A cluster of silver-white fire took shape in my palm. It was smaller than a standard fireball, cruder than any proper spell. But its density was seven times that of ordinary flame.

I brought my hand up and hurled it.

The silver fire dragged a blazing tail right into Liliana's face. Shards of the barrier, pulverized stone, and a shriek that was violently cut short—all exploded into the air at once. The kinetic force slammed her body into the stadium's stone wall, over thirty feet away. As she slumped to the ground, a thick, dark crimson streak was painted against the masonry.

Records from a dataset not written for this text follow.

(* For every integer $k\geq 1$, the Dobrynin graph $\mathrm{Dob}_k$ (defined below) is interval transmission irregular; more precisely, its $2k+5$ vertices have pairwise distinct transmissions, and the set of these transmissions is $\{3k+4,3k+5,\dots,5k+8\}$.
   Context: All graphs are finite, simple and connected. For a connected graph $G$ and a vertex $u$, the transmission is $Tr_G(u)=\sum_{v\in V(G)} d_G(u,v)$, where $d_G$ is the shortest-path distance. A graph is transmission irregular (TI) if no two of its vertices have equal transmission, and interval transmission irregular (ITI) if it is TI and its set of vertex transmissions equals $[p,q]\cap\mathbb{Z}$ for some integers $p\le q$. The Dobrynin graph $\mathrm{Dob}_k$ ($k\ge1$) has vertex set $\{a,b,c,d\}\cup A\cup B\cup\{ab_1,ab_2\}$ with $A=\{a_0,a_1,\dots,a_{k-1}\}$ and $B=\{b_1,\dots,b_{k-1}\}$ (so $B=\emptyset$ when $k=1$), and edge set: $ab$; $ac$ and $bd$ (so $c,d$ are pendent); $a a_i$ for all $i$; $b b_j$ for all $j$; $a\,ab_1, b\,ab_1, a\,ab_2, b\,ab_2$; $a_i b_j$ for all $1\le j\le i\le k-1$ (so $a_i$ is adjacent to $b_1,\dots,b_i$); $ab_1 a_i$ for all $0\le i\le k-1$; and $ab_2 b_j$ for all $1\le j\le k-1$. There are no other edges. *)

From mathcomp Require Import all_boot.
Set Implicit Arguments. Unset Strict Implicit. Unset Printing Implicit Defensive.

Definition walkb (T : finType) (e : rel T) (u v : T) (n : nat) : bool :=
  [exists p : n.-tuple T, path e u p && (last u p == v)].

(* In a connected graph on #|T| vertices such an n exists and is < #|T|, so the
   search range iota 0 #|T| suffices (unreachable pairs would get #|T|). *)
Definition dist (T : finType) (e : rel T) (u v : T) : nat :=
  find (walkb e u v) (iota 0 #|T|).

Definition connectedb (T : finType) (e : rel T) : bool :=
  [forall u, forall v, has (walkb e u v) (iota 0 #|T|)].

Definition simple_graph (T : finType) (e : rel T) : Prop :=
  (forall x y, e x y = e y x) /\ (forall x, ~~ e x x).

Definition transmission (T : finType) (e : rel T) (u : T) : nat :=
  \sum_(v : T) dist e u v.

Definition TI (T : finType) (e : rel T) : Prop := injective (transmission e).

Definition ITI (T : finType) (e : rel T) : Prop :=
  TI e /\ exists p q : nat, p <= q /\
    forall n : nat, (exists u : T, transmission e u = n) <-> p <= n <= q.

Inductive dob_kind := Ka | Kb | Kc | Kd | KA of nat | KB of nat | Kab1 | Kab2.

(* Vertex type: 4 named vertices a,b,c,d; A = {a_0..a_{k-1}};
   B = {b_1..b_{k-1}} (index j : 'I_(k-1) stands for b_{j+1}); ab_1, ab_2. *)
Definition dob_vertex (k : nat) : finType := ('I_4 + 'I_k + 'I_k.-1 + 'I_2)%type.

Definition dob_kind_of (k : nat) (x : dob_vertex k) : dob_kind :=
  match x with
  | inl (inl (inl t)) =>
      match nat_of_ord t with 0 => Ka | 1 => Kb | 2 => Kc | _ => Kd end
  | inl (inl (inr i)) => KA (nat_of_ord i)
  | inl (inr j) => KB (nat_of_ord j).+1
  | inr t => if nat_of_ord t == 0 then Kab1 else Kab2
  end.

(* One orientation of each edge of Dob_k. *)
Definition dob_edge1 (p q : dob_kind) : bool :=
  match p, q with
  | Ka, Kb | Ka, Kc | Kb, Kd => true
  | Ka, KA _ => true
  | Kb, KB _ => true
  | Kab1, Ka | Kab1, Kb | Kab2, Ka | Kab2, Kb => true
  | KA i, KB j => j <= i
  | Kab1, KA _ => true
  | Kab2, KB _ => true
  | _, _ => false
  end.

Definition dob_adj (k : nat) : rel (dob_vertex k) :=
  fun x y => dob_edge1 (dob_kind_of x) (dob_kind_of y)
          || dob_edge1 (dob_kind_of y) (dob_kind_of x).

From HB Require Import structures.
From mathcomp Require Import all_boot zify.

Set Implicit Arguments.
Unset Strict Implicit.
Unset Printing Implicit Defensive.

(* The hubs [a] and [b] are adjacent and every other vertex is adjacent to one
   of them, so all distances are at most 3; they depend only on the kinds of
   the two vertices, and the pairs at distance 3 are exactly c-d, c-b_j, d-a_i
   and a_i-b_j with i < j.  Summing gives the transmissions
   Tr(a) = 3k+4, Tr(b) = 3k+5, Tr(ab_1) = 3k+6, Tr(ab_2) = 3k+7,
   Tr(b_j) = 3k+7+2j, Tr(a_i) = 5k+6-2i, Tr(c) = 5k+7, Tr(d) = 5k+8.
   These 2k+5 values are pairwise distinct and lie in [3k+4, 5k+8], an interval
   with 2k+5 elements, so they fill it. *)

Lemma sum_ord_if_lt n m x y :
  \sum_(i < n) (if i < m then x else y) = minn m n * x + (n - m) * y.
Proof.
elim: n => [|n IHn]; first by rewrite big_ord0; lia.
rewrite big_ord_recr /= IHn; case: (ltnP n m) => n_m.
- have -> : minn m n.+1 = n.+1 by lia.
  have [-> ->] : n - m = 0 /\ n.+1 - m = 0 by lia.
  by rewrite !mul0n !addn0 mulSn addnC.
- have -> : minn m n.+1 = m by lia.
  by rewrite subSn // mulSn [y + _]addnC addnA.
Qed.

Lemma sum_ord_if_eq n m x y :
  \sum_(i < n) (if m == i :> nat then x else y) =
  (if m < n then x + n.-1 * y else n * y).
Proof.
elim: n => [|n IHn]; first by rewrite big_ord0.
by rewrite big_ord_recr /= IHn; case: (ltngtP m n) => mn; case: (ltngtP m n.+1) => mn1; nia.
Qed.

Lemma inj_interval_surj (T : finType) (f : T -> nat) p q :
  injective f -> #|T| = q.+1 - p -> (forall x, p <= f x <= q) ->
  forall n, p <= n <= q -> exists x, f x = n.
Proof.
move=> f_inj cardT f_range n n_range.
have uniq_img : uniq (map f (enum T)) by rewrite map_inj_uniq ?enum_uniq.
have sub_img : {subset map f (enum T) <= iota p (q.+1 - p)}.
  by move=> _ /mapP[x _ ->]; rewrite mem_iota; have := f_range x; lia.
have size_img : size (iota p (q.+1 - p)) <= size (map f (enum T)).
  by rewrite size_map size_iota -cardE cardT.
have [_ img_f] := uniq_min_size uniq_img sub_img size_img.
have : n \in map f (enum T) by rewrite img_f mem_iota; lia.
by case/mapP=> x _ ->; exists x.
Qed.

Section Walks.
Variables (T : finType) (e : rel T).

Lemma walkbP u v n :
  reflect (exists s : seq T, [/\ size s = n, path e u s & last u s == v])
          (walkb e u v n).
Proof.
apply: (iffP existsP) => [[p /andP[p_path p_last]]|[s [s_size s_path s_last]]].
  by exists (val p); rewrite size_tuple.
have s_size' : size s == n by apply/eqP.
by exists (Tuple s_size'); rewrite /= s_path s_last.
Qed.

Lemma walkb0 u v : walkb e u v 0 = (u == v).
Proof. by apply/walkbP/idP => [[[|? ?] [] //]|/eqP ->]; exists [::]. Qed.

Lemma walkbS u v n : walkb e u v n.+1 = [exists w, e u w && walkb e w v n].
Proof.
apply/walkbP/existsP => [[[|w s] [//= [s_size] /andP[uw s_path] s_last]]|].
  by exists w; rewrite uw; apply/walkbP; exists s.
case=> w /andP[uw /walkbP[s [s_size s_path s_last]]].
by exists (w :: s); rewrite /= s_size uw.
Qed.

Lemma walkb1 u v : walkb e u v 1 = e u v.
Proof.
rewrite walkbS; apply/existsP/idP => [[w]|uv]; first by rewrite walkb0 => /andP[? /eqP <-].
by exists v; rewrite walkb0 eqxx andbT.
Qed.

Lemma walkb2P u v : reflect (exists w, e u w && e w v) (walkb e u v 2).
Proof.
rewrite walkbS; apply: (iffP existsP) => -[w]; first by rewrite walkb1; exists w.
by exists w; rewrite walkb1.
Qed.

Lemma dist_eq u v m :
  m < #|T| -> walkb e u v m -> (forall n, n < m -> ~~ walkb e u v n) ->
  dist e u v = m.
Proof.
move=> m_lt walk_m no_shorter; rewrite /dist.
have has_walk : has (walkb e u v) (iota 0 #|T|).
  by apply/hasP; exists m; rewrite ?mem_iota.
have := has_find (walkb e u v) (iota 0 #|T|); rewrite has_walk size_iota => find_lt.
have := nth_find 0 has_walk; rewrite nth_iota // add0n => walk_find.
case: (ltngtP (find (walkb e u v) (iota 0 #|T|)) m) => [lt_m|gt_m|//].
- by move: (no_shorter _ lt_m); rewrite walk_find.
- by have := before_find 0 gt_m; rewrite nth_iota // add0n walk_m.
Qed.

End Walks.

Definition dob_kind_eqb (p q : dob_kind) : bool :=
  match p, q with
  | Ka, Ka | Kb, Kb | Kc, Kc | Kd, Kd | Kab1, Kab1 | Kab2, Kab2 => true
  | KA i, KA j | KB i, KB j => i == j
  | _, _ => false
  end.

Lemma dob_kind_eqbP : Equality.axiom dob_kind_eqb.
Proof.
by case=> [||||i|i||] [||||j|j||] /=; try constructor; try apply: (iffP eqP) => [->|[]].
Qed.

HB.instance Definition _ := hasDecEq.Build dob_kind dob_kind_eqbP.

Definition dob_kind_adj (p q : dob_kind) : bool := dob_edge1 p q || dob_edge1 q p.

Definition dob_kind_far (p q : dob_kind) : bool :=
  match p, q with
  | Kc, Kd | Kc, KB _ | Kd, KA _ => true
  | KA i, KB j => i < j
  | _, _ => false
  end.

Definition dob_kind_dist (p q : dob_kind) : nat :=
  if p == q then 0
  else if dob_kind_adj p q then 1
  else if dob_kind_far p q || dob_kind_far q p then 3
  else 2.

Definition dob_kind_valid (k : nat) (p : dob_kind) : bool :=
  match p with KA i => i < k | KB j => 0 < j < k | _ => true end.

Lemma dob_kind_dist_le3 p q : dob_kind_dist p q <= 3.
Proof. by rewrite /dob_kind_dist; repeat case: ifP. Qed.

Lemma dob_kind_dist_eq0 p q : (dob_kind_dist p q == 0) = (p == q).
Proof. by rewrite /dob_kind_dist; case: eqP => //; repeat case: ifP. Qed.

Lemma dob_kind_dist_eq1 p q : dob_kind_dist p q = 1 -> dob_kind_adj p q.
Proof. by rewrite /dob_kind_dist; case: ifP => // _; case: ifP => // _; case: ifP. Qed.

Lemma dob_kind_dist_ge2 p q : 2 <= dob_kind_dist p q -> ~~ dob_kind_adj p q.
Proof. by rewrite /dob_kind_dist; case: ifP => // _; case: ifP. Qed.

Ltac dob_kind_cases :=
  rewrite /dob_kind_dist /dob_kind_adj;
  case=> [||||i|i||] [||||j|j||] //=;
  try (case: ifP => //; case: ifP => //; case: ifP => //);
  rewrite ?orbF; try case: leqP.

Lemma dob_kind_dist2_hub p q : dob_kind_dist p q = 2 ->
  (dob_kind_adj p Ka && dob_kind_adj Ka q) || (dob_kind_adj p Kb && dob_kind_adj Kb q).
Proof. by move: p q; dob_kind_cases. Qed.

Lemma dob_kind_dist3_hub p q : dob_kind_dist p q = 3 ->
  (dob_kind_adj p Ka && dob_kind_adj Kb q) || (dob_kind_adj p Kb && dob_kind_adj Ka q).
Proof. by move: p q; dob_kind_cases. Qed.

Lemma dob_kind_dist3_no_common_neighbor p q w : dob_kind_dist p q = 3 ->
  ~~ (dob_kind_adj p w && dob_kind_adj w q).
Proof.
by move: p q; dob_kind_cases; case: w => [||||l|l||] //=; rewrite ?orbF ?andbF //; lia.
Qed.

Lemma dob_kind_of_inj k : injective (@dob_kind_of k).
Proof.
case=> [[[t|i]|j]|s] [[[t'|i']|j']|s'] /=;
  try (case: t => [[|[|[|[|?]]]] ?] //=); try (case: t' => [[|[|[|[|?]]]] ?] //=);
  try (case: s => [[|[|?]] ?] //=); try (case: s' => [[|[|?]] ?] //=).
all: try discriminate.
all: try by move=> _; do ?[congr inl | congr inr]; apply: val_inj.
all: by move=> [/val_inj ->].
Qed.

Lemma dob_kind_of_valid k (x : dob_vertex k) : dob_kind_valid k (dob_kind_of x).
Proof.
case: x => [[[t|i]|j]|s] /=; try (case: t => [[|[|[|[|?]]]] ?] //=);
  try (case: s => [[|[|?]] ?] //=); first exact: ltn_ord.
by have := ltn_ord j; lia.
Qed.

Lemma card_dob_vertex k : #|dob_vertex k| = k + k.-1 + 6.
Proof. by rewrite !card_sum !card_ord; lia. Qed.

Section DobDistance.
Variable k : nat.

Let a : dob_vertex k := inl (inl (inl (@Ordinal 4 0 isT))).
Let b : dob_vertex k := inl (inl (inl (@Ordinal 4 1 isT))).

Lemma dist_dob u v :
  dist (@dob_adj k) u v = dob_kind_dist (dob_kind_of u) (dob_kind_of v).
Proof.
have d_le3 := dob_kind_dist_le3 (dob_kind_of u) (dob_kind_of v).
apply: dist_eq; first by rewrite card_dob_vertex; lia.
- case d_eq: (dob_kind_dist _ _) d_le3 => [|[|[|[|//]]]] _.
  + by rewrite walkb0; apply/eqP/dob_kind_of_inj/eqP; rewrite -dob_kind_dist_eq0 d_eq.
  + by rewrite walkb1; apply: dob_kind_dist_eq1.
  + by apply/walkb2P; case/orP: (dob_kind_dist2_hub d_eq) => ?; [exists a | exists b].
  + rewrite walkbS; apply/existsP.
    case/orP: (dob_kind_dist3_hub d_eq) => /andP[? ?].
    * by exists a; apply/andP; split=> //; apply/walkb2P; exists b; apply/andP.
    * by exists b; apply/andP; split=> //; apply/walkb2P; exists a; apply/andP.
- move=> [|[|[|n]]] // n_lt.
  + by rewrite walkb0; apply: contraTN n_lt => /eqP ->; rewrite /dob_kind_dist eqxx.
  + by rewrite walkb1; apply: dob_kind_dist_ge2.
  + apply/walkb2P => -[w /andP[uw wv]].
    have d_eq3 : dob_kind_dist (dob_kind_of u) (dob_kind_of v) = 3 by lia.
    have /negP := dob_kind_dist3_no_common_neighbor (dob_kind_of w) d_eq3.
    by apply; apply/andP.
  + by move: n_lt; rewrite ltnNge (leq_trans d_le3).
Qed.

End DobDistance.

Definition dob_kind_trans_sum (k : nat) (p : dob_kind) : nat :=
  dob_kind_dist p Ka + dob_kind_dist p Kb + dob_kind_dist p Kc + dob_kind_dist p Kd
  + \sum_(i < k) dob_kind_dist p (KA i) + \sum_(j < k.-1) dob_kind_dist p (KB j.+1)
  + dob_kind_dist p Kab1 + dob_kind_dist p Kab2.

Lemma transmission_dob_kind k (u : dob_vertex k) :
  transmission (@dob_adj k) u = dob_kind_trans_sum k (dob_kind_of u).
Proof.
rewrite /transmission; under eq_bigr do rewrite dist_dob.
by rewrite !big_sumType /= !big_ord_recr !big_ord0 /= !add0n !addnA.
Qed.

Definition dob_kind_trans (k : nat) (p : dob_kind) : nat :=
  match p with
  | Ka => 3 * k + 4 | Kb => 3 * k + 5 | Kab1 => 3 * k + 6 | Kab2 => 3 * k + 7
  | KB j => 3 * k + 7 + 2 * j | KA i => 5 * k + 6 - 2 * i
  | Kc => 5 * k + 7 | Kd => 5 * k + 8
  end.

Lemma dob_kind_trans_sumE k p :
  0 < k -> dob_kind_valid k p -> dob_kind_trans_sum k p = dob_kind_trans k p.
Proof.
rewrite /dob_kind_trans_sum => k_gt0; case: p => [||||i|j||] /= p_valid;
  rewrite ?sum_nat_const ?card_ord /dob_kind_dist /=; try lia.
- rewrite (eq_bigr (fun i' : 'I_k => if i == i' :> nat then 0 else 2)) //.
  rewrite (eq_bigr (fun j : 'I_k.-1 => if j < i then 1 else 3)); last first.
    by move=> j _; rewrite /dob_kind_adj /= ?orbF ltnS; case: leqP.
  by rewrite sum_ord_if_eq sum_ord_if_lt p_valid; lia.
- rewrite (eq_bigr (fun i : 'I_k => if i < j then 3 else 1)); last first.
    by move=> i _; rewrite /dob_kind_adj /= ?orbF; case: leqP.
  rewrite (eq_bigr (fun j' : 'I_k.-1 => if j.-1 == j' :> nat then 0 else 2)); last first.
    by move=> j' _; rewrite -[KB _ == _]/(j == j'.+1); do 2 case: eqP; lia.
  rewrite sum_ord_if_eq sum_ord_if_lt.
  have -> : j.-1 < k.-1 by lia.
  lia.
Qed.

Lemma transmission_dob k (u : dob_vertex k) :
  0 < k -> transmission (@dob_adj k) u = dob_kind_trans k (dob_kind_of u).
Proof.
by move=> k_gt0; rewrite transmission_dob_kind dob_kind_trans_sumE ?dob_kind_of_valid.
Qed.

Lemma dob_kind_trans_inj k p q : 0 < k -> dob_kind_valid k p -> dob_kind_valid k q ->
  dob_kind_trans k p = dob_kind_trans k q -> p = q.
Proof.
move=> k_gt0; case: p => [||||i|i||]; case: q => [||||j|j||] //= p_valid q_valid eq_tr;
  first [exfalso; lia | congr (_ _); lia].
Qed.

Lemma dob_kind_trans_bounds k p :
  dob_kind_valid k p -> 3 * k + 4 <= dob_kind_trans k p <= 5 * k + 8.
Proof. by case: p => [||||i|i||] /=; lia. Qed.

Theorem theorem3 (k : nat) (hk : 1 <= k) :
  #|dob_vertex k| = 2 * k + 5 /\
  injective (transmission (@dob_adj k)) /\
  (forall n : nat,
     (exists u : dob_vertex k, transmission (@dob_adj k) u = n) <->
     3 * k + 4 <= n <= 5 * k + 8) /\
  ITI (@dob_adj k).
Proof.
have card_V : #|dob_vertex k| = 2 * k + 5 by rewrite card_dob_vertex; lia.
have tr_inj : injective (transmission (@dob_adj k)).
  move=> u v; rewrite !transmission_dob // => eq_tr.
  exact/dob_kind_of_inj/(dob_kind_trans_inj hk (dob_kind_of_valid u) (dob_kind_of_valid v)).
have tr_bounds u : 3 * k + 4 <= transmission (@dob_adj k) u <= 5 * k + 8.
  by rewrite transmission_dob // dob_kind_trans_bounds // dob_kind_of_valid.
have tr_range n :
    (exists u, transmission (@dob_adj k) u = n) <-> 3 * k + 4 <= n <= 5 * k + 8.
  split=> [[u <-] // | ]; apply: inj_interval_surj => //; rewrite card_V; lia.
do !split=> //; exists (3 * k + 4), (5 * k + 8); split=> //; lia.
Qed.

The entire arena went dead.

The presiding professor stood rigid near the ring. His registry slipped from his fingers, hitting the floor, and he entirely forgot to pick it up. Cedric stood midway up the stands. His lips parted slightly, then snapped shut tight, and he unconsciously took half a step back.

I lowered my hand, turning my head to look at the referee.

"In a duel, life and death are left to fate—Academy Rule Thirty-Seven."

The professor bent down to retrieve his book. His lips twitched, but no words came out. He simply jerked a stiff nod. In the distance, two medics were already sprinting toward the stone wall with a stretcher, though they didn't seem to be in much of a hurry. A person with three shattered ribs and a magical circuit half-melted by silver fire was in no immediate rush to go anywhere.

I walked off the dueling platform.

The crowd parted before me, splitting open like a severed sea. People lowered their heads, shrank aside, or nailed their eyes firmly to the floor. No one was smiling anymore.

I walked down that open corridor, heading straight for the darkest corner at the edge of the arena.

Kane stood there.

His heavy broadsword was drawn halfway from its scabbard, but he wasn't holding the hilt. His right hand squeezed tight over the exposed steel of the razor-sharp blade. A dark liquid seeped through his fingers, dripping down. Drop after drop, splashing into the cracks between the floor tiles. He hadn't rushed the stage. He had used this exact method to nail himself in place, using agonizing physical pain to suppress his primal instinct.

I stopped right in front of him, barely half a step away.

The spot on my chest where the curse hit began its violent backlash. A deep, splintering agony rolled up from my core in waves, shooting from my spine, up through my neck, straight into the back of my skull. The strength in my legs was bleeding away at a speed I could clearly feel. I watched his eyes sweep over the gaping hole in my uniform, the dried streak of blood at the corner of my mouth, and the bare fingertips of my burned hand. They were trembling. He saw it.

"Kane."

I spoke at a volume only he could hear.

"Catch me."

The second my knees gave out completely, my vision faded to black with terrifying speed. But the moment my back was caught, I heard the breath I'd been holding in my chest finally, fully exhale. A pair of strong arms completely enveloped me.

Right before my eyes slid shut, I felt the hand that had been gripping the bare blade let go. A blood-stained palm pressed flat against my back. It was warm.